Records provided
"""

Theorem proposition3 (R : realType) (lam mu c : R) (F f : R -> R)
  (w w' : R) (Jpw Jpw' : R -> R) (Kw Kw' : nat) :
  0 < lam -> 0 < mu -> 0 < c -> c < mu ->
  (* F is a distribution on [0,1] with density f > 0, f absolutely continuous *)
  (forall x : R, 0 <= x <= 1 -> 0 < f x) ->
  (forall x : R, 0 <= x <= 1 -> F x = \int[@leb R]_(t in `[0, x]) f t) ->
  F 1 = 1 ->
  abs_cont 0 1 f ->
  (* J = J_0 strictly increasing on [0,1] with J(0) < 0 *)
  (forall x y : R, 0 <= x -> x < y -> y <= 1 -> Jw F f 0 x < Jw F f 0 y) ->
  Jw F f 0 0 < 0 ->
  (* inverse hazard rate (1 - F)/f non-increasing on [0,1] *)
  (forall x y : R, 0 <= x -> x <= y -> y <= 1 ->
     (1 - F y) / f y <= (1 - F x) / f x) ->
  (* weights *)
  0 <= w' -> w' < w -> w <= 1 ->
  (* J_w' and J_{w'}' *)
  is_Jw_deriv F f w Jpw -> is_Jw_deriv F f w' Jpw' ->
  (* K_w and K_{w'} *)
  is_Kw lam mu c F f w Jpw Kw -> is_Kw lam mu c F f w' Jpw' Kw' ->
  exists kbar : nat,
    (1 <= kbar <= minn Kw' Kw)%N /\
    (forall k : nat, (1 <= k <= kbar)%N ->
       vhat lam mu c F f w Jpw k <= vhat lam mu c F f w' Jpw' k) /\
    (forall k : nat, (kbar.+1 <= k <= minn Kw' Kw)%N ->
       vhat lam mu c F f w Jpw k > vhat lam mu c F f w' Jpw' k).
Proof.
(* Monotonicity of J and J(0) < 0 follow from the hazard-rate assumption. *)
move=> lam_gt0 mu_gt0 c_gt0 c_lt_mu f_gt0 F_int F1 f_ac _ _ hazard _ w'w w1 dJ dJ' HK HK'.
have w'1 : w' <= 1 by lra.
have vhat1_lt1 w'' Jpw'' : w'' <= 1 -> vhat_aux lam mu c F f w'' Jpw'' 0 < 1.
  by move=> w''1; apply: vhat_aux0_lt1 => //; exact: ltW.
have [K_gt0 lt1] := vhat_lt1 (vhat1_lt1 _ Jpw w1) HK.
have [K'_gt0 lt1'] := vhat_lt1 (vhat1_lt1 _ Jpw' w'1) HK'.
apply: (@single_crossing _ _ (vhat lam mu c F f w Jpw) (vhat lam mu c F f w' Jpw')).
- by rewrite leq_min K_gt0 K'_gt0.
- exact: (vhat_aux0_le F1 hazard w'w w1 (vhat1_lt1 _ _ w1) (vhat1_lt1 _ _ w'1)).
- move=> [//|k] /andP[_ kM].
  have kKw : (0 < k.+2 <= Kw)%N by rewrite /= (leq_trans kM) // geq_minr.
  have kKw' : (0 < k.+2 <= Kw')%N by rewrite /= (leq_trans kM) // geq_minl.
  exact: (vhat_auxS_lt lam_gt0 mu_gt0 f_gt0 F_int F1 f_ac hazard w'w w1 dJ dJ'
    (lt1 _ kKw) (lt1' _ kKw')).
Qed.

"""

The required output is every line from the one that holds "0 < lam -> 0 < mu -> 0 < c -> c < mu ->" through the last line of the listing above, retyped exactly and with nothing else.

Answer space
  0 < lam -> 0 < mu -> 0 < c -> c < mu ->
  (* F is a distribution on [0,1] with density f > 0, f absolutely continuous *)
  (forall x : R, 0 <= x <= 1 -> 0 < f x) ->
  (forall x : R, 0 <= x <= 1 -> F x = \int[@leb R]_(t in `[0, x]) f t) ->
  F 1 = 1 ->
  abs_cont 0 1 f ->
  (* J = J_0 strictly increasing on [0,1] with J(0) < 0 *)
  (forall x y : R, 0 <= x -> x < y -> y <= 1 -> Jw F f 0 x < Jw F f 0 y) ->
  Jw F f 0 0 < 0 ->
  (* inverse hazard rate (1 - F)/f non-increasing on [0,1] *)
  (forall x y : R, 0 <= x -> x <= y -> y <= 1 ->
     (1 - F y) / f y <= (1 - F x) / f x) ->
  (* weights *)
  0 <= w' -> w' < w -> w <= 1 ->
  (* J_w' and J_{w'}' *)
  is_Jw_deriv F f w Jpw -> is_Jw_deriv F f w' Jpw' ->
  (* K_w and K_{w'} *)
  is_Kw lam mu c F f w Jpw Kw -> is_Kw lam mu c F f w' Jpw' Kw' ->
  exists kbar : nat,
    (1 <= kbar <= minn Kw' Kw)%N /\
    (forall k : nat, (1 <= k <= kbar)%N ->
       vhat lam mu c F f w Jpw k <= vhat lam mu c F f w' Jpw' k) /\
    (forall k : nat, (kbar.+1 <= k <= minn Kw' Kw)%N ->
       vhat lam mu c F f w Jpw k > vhat lam mu c F f w' Jpw' k).
Proof.
(* Monotonicity of J and J(0) < 0 follow from the hazard-rate assumption. *)
move=> lam_gt0 mu_gt0 c_gt0 c_lt_mu f_gt0 F_int F1 f_ac _ _ hazard _ w'w w1 dJ dJ' HK HK'.
have w'1 : w' <= 1 by lra.
have vhat1_lt1 w'' Jpw'' : w'' <= 1 -> vhat_aux lam mu c F f w'' Jpw'' 0 < 1.
  by move=> w''1; apply: vhat_aux0_lt1 => //; exact: ltW.
have [K_gt0 lt1] := vhat_lt1 (vhat1_lt1 _ Jpw w1) HK.
have [K'_gt0 lt1'] := vhat_lt1 (vhat1_lt1 _ Jpw' w'1) HK'.
apply: (@single_crossing _ _ (vhat lam mu c F f w Jpw) (vhat lam mu c F f w' Jpw')).
- by rewrite leq_min K_gt0 K'_gt0.
- exact: (vhat_aux0_le F1 hazard w'w w1 (vhat1_lt1 _ _ w1) (vhat1_lt1 _ _ w'1)).
- move=> [//|k] /andP[_ kM].
  have kKw : (0 < k.+2 <= Kw)%N by rewrite /= (leq_trans kM) // geq_minr.
  have kKw' : (0 < k.+2 <= Kw')%N by rewrite /= (leq_trans kM) // geq_minl.
  exact: (vhat_auxS_lt lam_gt0 mu_gt0 f_gt0 F_int F1 f_ac hazard w'w w1 dJ dJ'
    (lt1 _ kKw) (lt1' _ kKw')).
Qed.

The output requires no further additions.